◆ **Exercise input**
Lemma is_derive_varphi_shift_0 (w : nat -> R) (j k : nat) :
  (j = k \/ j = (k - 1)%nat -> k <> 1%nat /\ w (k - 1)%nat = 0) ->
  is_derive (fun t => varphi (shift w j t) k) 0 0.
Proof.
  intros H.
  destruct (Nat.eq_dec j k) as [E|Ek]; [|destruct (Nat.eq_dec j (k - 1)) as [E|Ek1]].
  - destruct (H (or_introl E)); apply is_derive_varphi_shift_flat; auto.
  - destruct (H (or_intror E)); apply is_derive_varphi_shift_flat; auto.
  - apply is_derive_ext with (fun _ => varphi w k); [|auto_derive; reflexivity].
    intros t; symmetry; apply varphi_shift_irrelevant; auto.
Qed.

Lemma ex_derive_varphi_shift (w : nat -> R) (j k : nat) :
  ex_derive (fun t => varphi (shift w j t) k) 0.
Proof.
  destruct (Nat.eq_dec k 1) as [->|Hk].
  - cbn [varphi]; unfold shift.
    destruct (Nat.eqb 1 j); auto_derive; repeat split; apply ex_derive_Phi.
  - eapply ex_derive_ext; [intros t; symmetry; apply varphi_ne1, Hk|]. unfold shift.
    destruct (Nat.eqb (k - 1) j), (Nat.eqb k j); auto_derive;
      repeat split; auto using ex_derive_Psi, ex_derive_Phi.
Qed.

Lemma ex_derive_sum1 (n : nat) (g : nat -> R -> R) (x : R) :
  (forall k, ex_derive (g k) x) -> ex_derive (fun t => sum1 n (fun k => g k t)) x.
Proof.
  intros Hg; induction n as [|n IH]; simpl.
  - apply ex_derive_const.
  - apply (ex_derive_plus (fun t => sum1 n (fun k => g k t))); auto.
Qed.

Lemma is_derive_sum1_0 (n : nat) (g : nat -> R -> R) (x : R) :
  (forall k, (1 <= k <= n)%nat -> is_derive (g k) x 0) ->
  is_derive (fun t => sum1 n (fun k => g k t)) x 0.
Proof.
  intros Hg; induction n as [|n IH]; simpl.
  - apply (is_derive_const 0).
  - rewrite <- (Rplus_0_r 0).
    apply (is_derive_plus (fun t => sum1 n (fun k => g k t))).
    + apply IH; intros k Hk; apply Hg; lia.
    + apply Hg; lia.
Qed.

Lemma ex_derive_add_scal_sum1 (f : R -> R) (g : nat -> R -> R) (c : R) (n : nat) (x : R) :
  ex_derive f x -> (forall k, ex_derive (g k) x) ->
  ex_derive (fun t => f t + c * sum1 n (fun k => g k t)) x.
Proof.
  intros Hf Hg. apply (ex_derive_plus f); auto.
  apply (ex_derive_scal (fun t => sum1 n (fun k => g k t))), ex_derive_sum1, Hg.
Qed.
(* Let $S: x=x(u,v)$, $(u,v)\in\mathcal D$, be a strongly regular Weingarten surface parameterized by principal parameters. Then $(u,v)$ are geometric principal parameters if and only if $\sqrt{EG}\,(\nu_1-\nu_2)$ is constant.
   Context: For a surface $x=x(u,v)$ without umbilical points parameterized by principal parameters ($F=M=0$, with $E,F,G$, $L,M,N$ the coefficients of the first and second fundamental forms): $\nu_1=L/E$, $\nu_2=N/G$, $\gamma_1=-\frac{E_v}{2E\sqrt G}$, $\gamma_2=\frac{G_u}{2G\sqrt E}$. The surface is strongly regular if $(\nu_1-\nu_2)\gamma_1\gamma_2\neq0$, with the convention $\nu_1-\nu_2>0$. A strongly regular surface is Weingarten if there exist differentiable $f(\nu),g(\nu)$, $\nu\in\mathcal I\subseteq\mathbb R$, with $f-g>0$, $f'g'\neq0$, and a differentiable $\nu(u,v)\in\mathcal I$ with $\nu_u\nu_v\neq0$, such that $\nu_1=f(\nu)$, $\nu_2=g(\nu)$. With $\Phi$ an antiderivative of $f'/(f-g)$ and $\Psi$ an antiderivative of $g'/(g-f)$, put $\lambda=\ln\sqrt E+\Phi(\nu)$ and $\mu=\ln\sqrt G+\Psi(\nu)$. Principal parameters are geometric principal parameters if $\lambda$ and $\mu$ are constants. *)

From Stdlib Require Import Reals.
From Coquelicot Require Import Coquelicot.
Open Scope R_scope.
* * *
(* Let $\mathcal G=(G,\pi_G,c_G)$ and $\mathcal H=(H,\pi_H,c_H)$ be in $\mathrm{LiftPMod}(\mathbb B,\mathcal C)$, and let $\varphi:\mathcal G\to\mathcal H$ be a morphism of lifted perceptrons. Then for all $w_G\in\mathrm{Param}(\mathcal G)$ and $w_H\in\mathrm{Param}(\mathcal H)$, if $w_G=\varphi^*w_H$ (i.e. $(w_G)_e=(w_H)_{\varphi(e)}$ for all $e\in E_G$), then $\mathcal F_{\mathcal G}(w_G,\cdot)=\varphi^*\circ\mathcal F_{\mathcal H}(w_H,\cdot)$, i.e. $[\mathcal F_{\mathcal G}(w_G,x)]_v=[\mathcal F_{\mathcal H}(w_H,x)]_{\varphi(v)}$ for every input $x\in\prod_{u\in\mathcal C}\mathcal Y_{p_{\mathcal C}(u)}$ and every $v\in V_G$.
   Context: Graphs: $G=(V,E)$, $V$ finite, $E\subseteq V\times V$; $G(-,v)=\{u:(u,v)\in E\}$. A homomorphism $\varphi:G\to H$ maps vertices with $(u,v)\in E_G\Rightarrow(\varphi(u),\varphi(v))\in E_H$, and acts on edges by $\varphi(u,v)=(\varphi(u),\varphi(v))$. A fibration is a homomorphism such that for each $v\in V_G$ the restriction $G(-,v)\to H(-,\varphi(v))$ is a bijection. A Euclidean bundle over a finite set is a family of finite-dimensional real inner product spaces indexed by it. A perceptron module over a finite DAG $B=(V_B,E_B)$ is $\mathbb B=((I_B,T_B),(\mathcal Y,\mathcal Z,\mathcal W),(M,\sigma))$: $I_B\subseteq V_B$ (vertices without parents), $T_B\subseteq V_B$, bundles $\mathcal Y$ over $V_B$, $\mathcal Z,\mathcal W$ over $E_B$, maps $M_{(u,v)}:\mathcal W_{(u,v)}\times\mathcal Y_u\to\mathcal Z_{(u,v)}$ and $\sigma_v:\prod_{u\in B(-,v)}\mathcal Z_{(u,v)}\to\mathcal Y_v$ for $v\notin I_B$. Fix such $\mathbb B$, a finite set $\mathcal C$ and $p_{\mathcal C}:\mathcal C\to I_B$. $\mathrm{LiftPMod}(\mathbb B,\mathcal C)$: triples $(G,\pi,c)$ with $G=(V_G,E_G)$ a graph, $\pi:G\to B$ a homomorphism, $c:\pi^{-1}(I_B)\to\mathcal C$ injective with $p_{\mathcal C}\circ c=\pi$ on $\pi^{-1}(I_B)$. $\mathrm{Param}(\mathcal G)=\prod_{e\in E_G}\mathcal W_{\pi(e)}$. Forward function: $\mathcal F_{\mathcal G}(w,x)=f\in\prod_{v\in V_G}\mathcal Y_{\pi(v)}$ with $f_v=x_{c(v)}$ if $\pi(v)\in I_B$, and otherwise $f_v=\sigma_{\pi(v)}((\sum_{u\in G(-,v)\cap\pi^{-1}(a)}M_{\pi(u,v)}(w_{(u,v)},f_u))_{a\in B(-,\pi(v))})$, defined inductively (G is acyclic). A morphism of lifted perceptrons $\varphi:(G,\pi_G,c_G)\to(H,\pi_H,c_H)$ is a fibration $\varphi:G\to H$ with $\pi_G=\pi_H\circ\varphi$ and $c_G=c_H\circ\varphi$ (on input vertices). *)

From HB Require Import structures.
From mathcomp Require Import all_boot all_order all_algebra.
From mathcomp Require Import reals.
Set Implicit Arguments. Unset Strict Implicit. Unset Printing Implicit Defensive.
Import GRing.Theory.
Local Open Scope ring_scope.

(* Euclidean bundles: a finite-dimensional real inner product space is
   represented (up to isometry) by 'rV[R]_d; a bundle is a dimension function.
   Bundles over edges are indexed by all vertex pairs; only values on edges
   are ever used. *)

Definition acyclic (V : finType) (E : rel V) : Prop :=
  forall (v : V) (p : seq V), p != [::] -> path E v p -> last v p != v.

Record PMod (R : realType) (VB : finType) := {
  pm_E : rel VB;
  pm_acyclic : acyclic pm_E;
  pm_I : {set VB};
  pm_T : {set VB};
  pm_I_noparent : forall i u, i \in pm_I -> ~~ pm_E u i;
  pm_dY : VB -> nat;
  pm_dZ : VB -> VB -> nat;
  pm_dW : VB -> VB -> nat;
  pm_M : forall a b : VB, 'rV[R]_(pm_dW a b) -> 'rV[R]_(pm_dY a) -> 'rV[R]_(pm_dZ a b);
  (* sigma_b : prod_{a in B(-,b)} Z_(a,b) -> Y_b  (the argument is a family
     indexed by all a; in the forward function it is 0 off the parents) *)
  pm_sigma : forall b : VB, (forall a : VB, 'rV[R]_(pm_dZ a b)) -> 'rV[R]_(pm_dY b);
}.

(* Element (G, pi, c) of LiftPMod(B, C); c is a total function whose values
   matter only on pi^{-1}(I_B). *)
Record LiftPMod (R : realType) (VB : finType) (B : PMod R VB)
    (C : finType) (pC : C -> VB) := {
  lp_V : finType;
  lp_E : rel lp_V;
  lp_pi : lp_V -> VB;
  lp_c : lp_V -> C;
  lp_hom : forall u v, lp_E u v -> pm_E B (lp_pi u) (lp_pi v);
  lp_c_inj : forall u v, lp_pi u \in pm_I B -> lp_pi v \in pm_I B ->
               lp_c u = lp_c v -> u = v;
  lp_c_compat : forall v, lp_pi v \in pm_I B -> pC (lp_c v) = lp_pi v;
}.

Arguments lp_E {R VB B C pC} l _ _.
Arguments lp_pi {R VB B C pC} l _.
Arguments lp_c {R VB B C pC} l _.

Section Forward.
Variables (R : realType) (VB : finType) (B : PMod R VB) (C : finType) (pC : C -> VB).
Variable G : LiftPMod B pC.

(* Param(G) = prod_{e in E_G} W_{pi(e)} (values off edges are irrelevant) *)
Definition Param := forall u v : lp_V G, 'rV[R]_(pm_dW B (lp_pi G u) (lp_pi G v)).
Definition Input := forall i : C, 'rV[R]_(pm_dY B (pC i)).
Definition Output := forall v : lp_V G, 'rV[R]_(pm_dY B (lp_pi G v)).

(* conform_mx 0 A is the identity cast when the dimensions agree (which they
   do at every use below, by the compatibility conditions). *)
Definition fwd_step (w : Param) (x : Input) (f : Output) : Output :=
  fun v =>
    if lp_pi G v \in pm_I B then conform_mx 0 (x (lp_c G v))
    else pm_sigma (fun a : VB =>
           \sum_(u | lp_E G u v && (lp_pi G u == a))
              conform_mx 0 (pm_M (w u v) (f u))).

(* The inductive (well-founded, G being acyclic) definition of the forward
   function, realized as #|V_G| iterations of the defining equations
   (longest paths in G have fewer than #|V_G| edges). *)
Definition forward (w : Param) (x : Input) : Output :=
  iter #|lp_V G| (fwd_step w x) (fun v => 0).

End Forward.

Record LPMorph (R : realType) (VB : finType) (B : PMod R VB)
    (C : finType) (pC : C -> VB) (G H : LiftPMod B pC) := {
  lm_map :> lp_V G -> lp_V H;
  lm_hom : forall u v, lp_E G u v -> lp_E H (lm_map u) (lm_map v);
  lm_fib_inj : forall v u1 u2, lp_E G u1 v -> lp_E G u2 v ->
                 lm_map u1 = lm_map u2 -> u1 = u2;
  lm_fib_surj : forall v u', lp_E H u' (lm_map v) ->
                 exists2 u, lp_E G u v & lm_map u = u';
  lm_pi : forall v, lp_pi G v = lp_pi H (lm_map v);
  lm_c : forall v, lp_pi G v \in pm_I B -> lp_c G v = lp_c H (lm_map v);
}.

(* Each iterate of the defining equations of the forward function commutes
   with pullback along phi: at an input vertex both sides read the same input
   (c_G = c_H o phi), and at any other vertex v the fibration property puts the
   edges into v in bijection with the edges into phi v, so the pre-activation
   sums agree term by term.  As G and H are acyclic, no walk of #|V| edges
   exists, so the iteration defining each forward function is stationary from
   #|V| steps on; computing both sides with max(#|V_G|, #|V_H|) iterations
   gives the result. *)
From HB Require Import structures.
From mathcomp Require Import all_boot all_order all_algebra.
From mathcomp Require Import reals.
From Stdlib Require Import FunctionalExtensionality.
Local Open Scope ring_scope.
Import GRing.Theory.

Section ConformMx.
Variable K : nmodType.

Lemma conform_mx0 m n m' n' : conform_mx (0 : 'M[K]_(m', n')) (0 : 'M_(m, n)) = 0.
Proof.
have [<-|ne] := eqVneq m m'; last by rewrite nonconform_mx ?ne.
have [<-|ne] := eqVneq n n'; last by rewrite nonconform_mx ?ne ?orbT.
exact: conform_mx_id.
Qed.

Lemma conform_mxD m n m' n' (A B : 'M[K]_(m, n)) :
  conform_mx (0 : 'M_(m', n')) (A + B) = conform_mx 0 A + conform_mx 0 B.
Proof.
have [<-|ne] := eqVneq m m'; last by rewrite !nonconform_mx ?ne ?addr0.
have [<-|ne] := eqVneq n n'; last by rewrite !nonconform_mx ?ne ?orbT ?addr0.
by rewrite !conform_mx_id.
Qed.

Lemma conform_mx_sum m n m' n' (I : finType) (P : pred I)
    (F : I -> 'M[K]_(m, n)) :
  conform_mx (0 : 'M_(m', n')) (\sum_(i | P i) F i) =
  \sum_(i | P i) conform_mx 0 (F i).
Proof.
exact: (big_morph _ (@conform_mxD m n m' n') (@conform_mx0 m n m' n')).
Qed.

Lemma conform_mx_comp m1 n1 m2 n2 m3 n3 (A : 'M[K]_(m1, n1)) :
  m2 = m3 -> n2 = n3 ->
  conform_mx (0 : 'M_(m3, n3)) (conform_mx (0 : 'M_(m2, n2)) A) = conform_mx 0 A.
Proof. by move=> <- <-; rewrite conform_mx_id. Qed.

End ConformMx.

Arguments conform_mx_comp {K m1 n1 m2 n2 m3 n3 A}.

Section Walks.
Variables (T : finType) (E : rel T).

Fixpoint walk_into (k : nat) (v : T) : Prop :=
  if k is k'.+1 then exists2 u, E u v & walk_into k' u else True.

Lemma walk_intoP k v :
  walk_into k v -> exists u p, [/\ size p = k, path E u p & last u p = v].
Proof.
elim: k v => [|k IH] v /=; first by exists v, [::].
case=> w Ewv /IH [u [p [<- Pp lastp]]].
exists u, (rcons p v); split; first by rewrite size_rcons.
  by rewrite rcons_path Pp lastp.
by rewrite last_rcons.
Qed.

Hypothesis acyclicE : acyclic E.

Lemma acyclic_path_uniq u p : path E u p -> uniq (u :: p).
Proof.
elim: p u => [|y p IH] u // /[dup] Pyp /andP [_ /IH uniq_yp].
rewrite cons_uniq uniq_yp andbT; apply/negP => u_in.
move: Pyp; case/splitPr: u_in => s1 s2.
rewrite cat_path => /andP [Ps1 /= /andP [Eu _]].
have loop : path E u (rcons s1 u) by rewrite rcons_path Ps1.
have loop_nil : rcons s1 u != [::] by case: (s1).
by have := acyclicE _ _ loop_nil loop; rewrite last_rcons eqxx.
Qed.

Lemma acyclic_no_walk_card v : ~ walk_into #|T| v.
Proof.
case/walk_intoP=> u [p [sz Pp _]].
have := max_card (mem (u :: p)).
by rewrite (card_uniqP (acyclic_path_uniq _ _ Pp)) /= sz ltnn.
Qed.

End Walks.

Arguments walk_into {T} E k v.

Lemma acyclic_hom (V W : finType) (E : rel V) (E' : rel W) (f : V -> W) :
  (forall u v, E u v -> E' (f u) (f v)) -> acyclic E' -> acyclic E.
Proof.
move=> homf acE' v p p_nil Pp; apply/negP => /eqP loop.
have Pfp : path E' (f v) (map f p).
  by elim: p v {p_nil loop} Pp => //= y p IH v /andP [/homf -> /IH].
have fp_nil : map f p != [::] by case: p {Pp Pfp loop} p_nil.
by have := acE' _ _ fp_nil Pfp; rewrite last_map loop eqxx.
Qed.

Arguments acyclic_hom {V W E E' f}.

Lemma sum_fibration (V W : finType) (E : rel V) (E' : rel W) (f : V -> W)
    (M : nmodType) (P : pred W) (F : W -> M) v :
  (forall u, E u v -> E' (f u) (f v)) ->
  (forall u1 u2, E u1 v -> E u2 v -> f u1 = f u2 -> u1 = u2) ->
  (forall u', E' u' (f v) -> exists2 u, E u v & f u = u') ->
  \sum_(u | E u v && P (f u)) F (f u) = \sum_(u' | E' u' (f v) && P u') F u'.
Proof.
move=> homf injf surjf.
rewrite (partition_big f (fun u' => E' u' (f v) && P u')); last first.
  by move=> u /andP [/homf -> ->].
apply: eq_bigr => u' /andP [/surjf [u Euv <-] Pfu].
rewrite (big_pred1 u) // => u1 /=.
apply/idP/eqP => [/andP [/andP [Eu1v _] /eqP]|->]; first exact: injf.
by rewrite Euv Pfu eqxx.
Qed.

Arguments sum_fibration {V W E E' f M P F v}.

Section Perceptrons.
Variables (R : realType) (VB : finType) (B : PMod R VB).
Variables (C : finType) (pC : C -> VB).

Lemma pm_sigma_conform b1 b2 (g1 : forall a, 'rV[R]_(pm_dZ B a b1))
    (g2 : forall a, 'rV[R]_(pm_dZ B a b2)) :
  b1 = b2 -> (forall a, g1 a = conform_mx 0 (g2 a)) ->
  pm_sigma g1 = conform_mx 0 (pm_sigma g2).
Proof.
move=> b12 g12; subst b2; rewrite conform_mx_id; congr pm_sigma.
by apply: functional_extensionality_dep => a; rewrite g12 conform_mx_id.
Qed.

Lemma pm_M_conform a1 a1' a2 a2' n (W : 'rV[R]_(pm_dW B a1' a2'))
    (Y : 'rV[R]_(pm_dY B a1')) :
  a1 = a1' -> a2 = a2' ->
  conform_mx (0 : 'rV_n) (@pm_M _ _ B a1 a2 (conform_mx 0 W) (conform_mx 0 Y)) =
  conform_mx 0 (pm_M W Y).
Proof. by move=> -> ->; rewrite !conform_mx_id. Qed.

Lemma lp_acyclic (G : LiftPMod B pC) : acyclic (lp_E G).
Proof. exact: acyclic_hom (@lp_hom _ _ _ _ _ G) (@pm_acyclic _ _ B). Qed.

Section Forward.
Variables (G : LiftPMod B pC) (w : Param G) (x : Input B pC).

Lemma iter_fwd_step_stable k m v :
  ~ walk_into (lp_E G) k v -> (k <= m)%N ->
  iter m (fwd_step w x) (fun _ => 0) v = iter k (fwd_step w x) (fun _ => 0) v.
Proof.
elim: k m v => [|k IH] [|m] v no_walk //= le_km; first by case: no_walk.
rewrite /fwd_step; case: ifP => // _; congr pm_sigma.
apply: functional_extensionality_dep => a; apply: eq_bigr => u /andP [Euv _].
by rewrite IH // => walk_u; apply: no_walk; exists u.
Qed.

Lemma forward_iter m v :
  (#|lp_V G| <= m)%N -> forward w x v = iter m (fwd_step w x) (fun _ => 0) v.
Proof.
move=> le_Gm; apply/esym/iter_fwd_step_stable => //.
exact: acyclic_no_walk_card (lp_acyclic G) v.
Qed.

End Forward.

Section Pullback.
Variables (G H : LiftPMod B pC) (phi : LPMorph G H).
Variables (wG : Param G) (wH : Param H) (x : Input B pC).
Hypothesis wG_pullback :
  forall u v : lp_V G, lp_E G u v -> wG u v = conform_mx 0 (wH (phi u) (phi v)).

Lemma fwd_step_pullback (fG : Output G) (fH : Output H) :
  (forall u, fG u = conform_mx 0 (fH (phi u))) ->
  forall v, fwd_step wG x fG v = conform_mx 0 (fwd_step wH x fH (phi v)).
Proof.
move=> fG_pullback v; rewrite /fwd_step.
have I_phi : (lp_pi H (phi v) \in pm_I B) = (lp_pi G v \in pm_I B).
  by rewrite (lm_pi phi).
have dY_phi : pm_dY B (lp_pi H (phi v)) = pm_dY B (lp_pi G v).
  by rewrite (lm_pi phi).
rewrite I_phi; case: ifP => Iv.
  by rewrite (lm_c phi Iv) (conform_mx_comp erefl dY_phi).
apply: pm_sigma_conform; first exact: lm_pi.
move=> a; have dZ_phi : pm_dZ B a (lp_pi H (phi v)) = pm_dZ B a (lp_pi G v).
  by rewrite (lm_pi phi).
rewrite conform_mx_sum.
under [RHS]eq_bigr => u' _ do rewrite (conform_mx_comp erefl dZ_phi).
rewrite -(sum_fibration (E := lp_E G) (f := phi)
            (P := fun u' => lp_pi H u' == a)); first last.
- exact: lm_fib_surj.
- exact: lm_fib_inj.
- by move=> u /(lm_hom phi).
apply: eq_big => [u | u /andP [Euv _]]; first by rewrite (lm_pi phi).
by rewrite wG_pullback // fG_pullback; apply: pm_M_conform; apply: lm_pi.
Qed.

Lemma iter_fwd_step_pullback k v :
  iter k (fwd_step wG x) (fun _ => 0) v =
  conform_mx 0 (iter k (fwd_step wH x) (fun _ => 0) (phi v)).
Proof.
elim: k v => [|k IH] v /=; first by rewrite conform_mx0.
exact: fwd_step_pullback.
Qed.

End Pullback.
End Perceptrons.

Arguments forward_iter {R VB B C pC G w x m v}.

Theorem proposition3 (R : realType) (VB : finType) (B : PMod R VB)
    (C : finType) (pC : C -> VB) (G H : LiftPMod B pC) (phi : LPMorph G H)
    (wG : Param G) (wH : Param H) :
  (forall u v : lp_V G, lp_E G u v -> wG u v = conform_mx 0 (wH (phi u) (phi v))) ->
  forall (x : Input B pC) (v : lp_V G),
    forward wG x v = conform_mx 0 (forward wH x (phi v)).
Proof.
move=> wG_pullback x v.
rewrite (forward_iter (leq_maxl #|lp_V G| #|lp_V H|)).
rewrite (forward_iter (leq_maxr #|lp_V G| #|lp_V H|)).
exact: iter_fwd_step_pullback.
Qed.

◆ **Your instructions**
Every line above that contains "LPMorph" counts once. Give the number of those lines and nothing more.

◆ **Solution**
3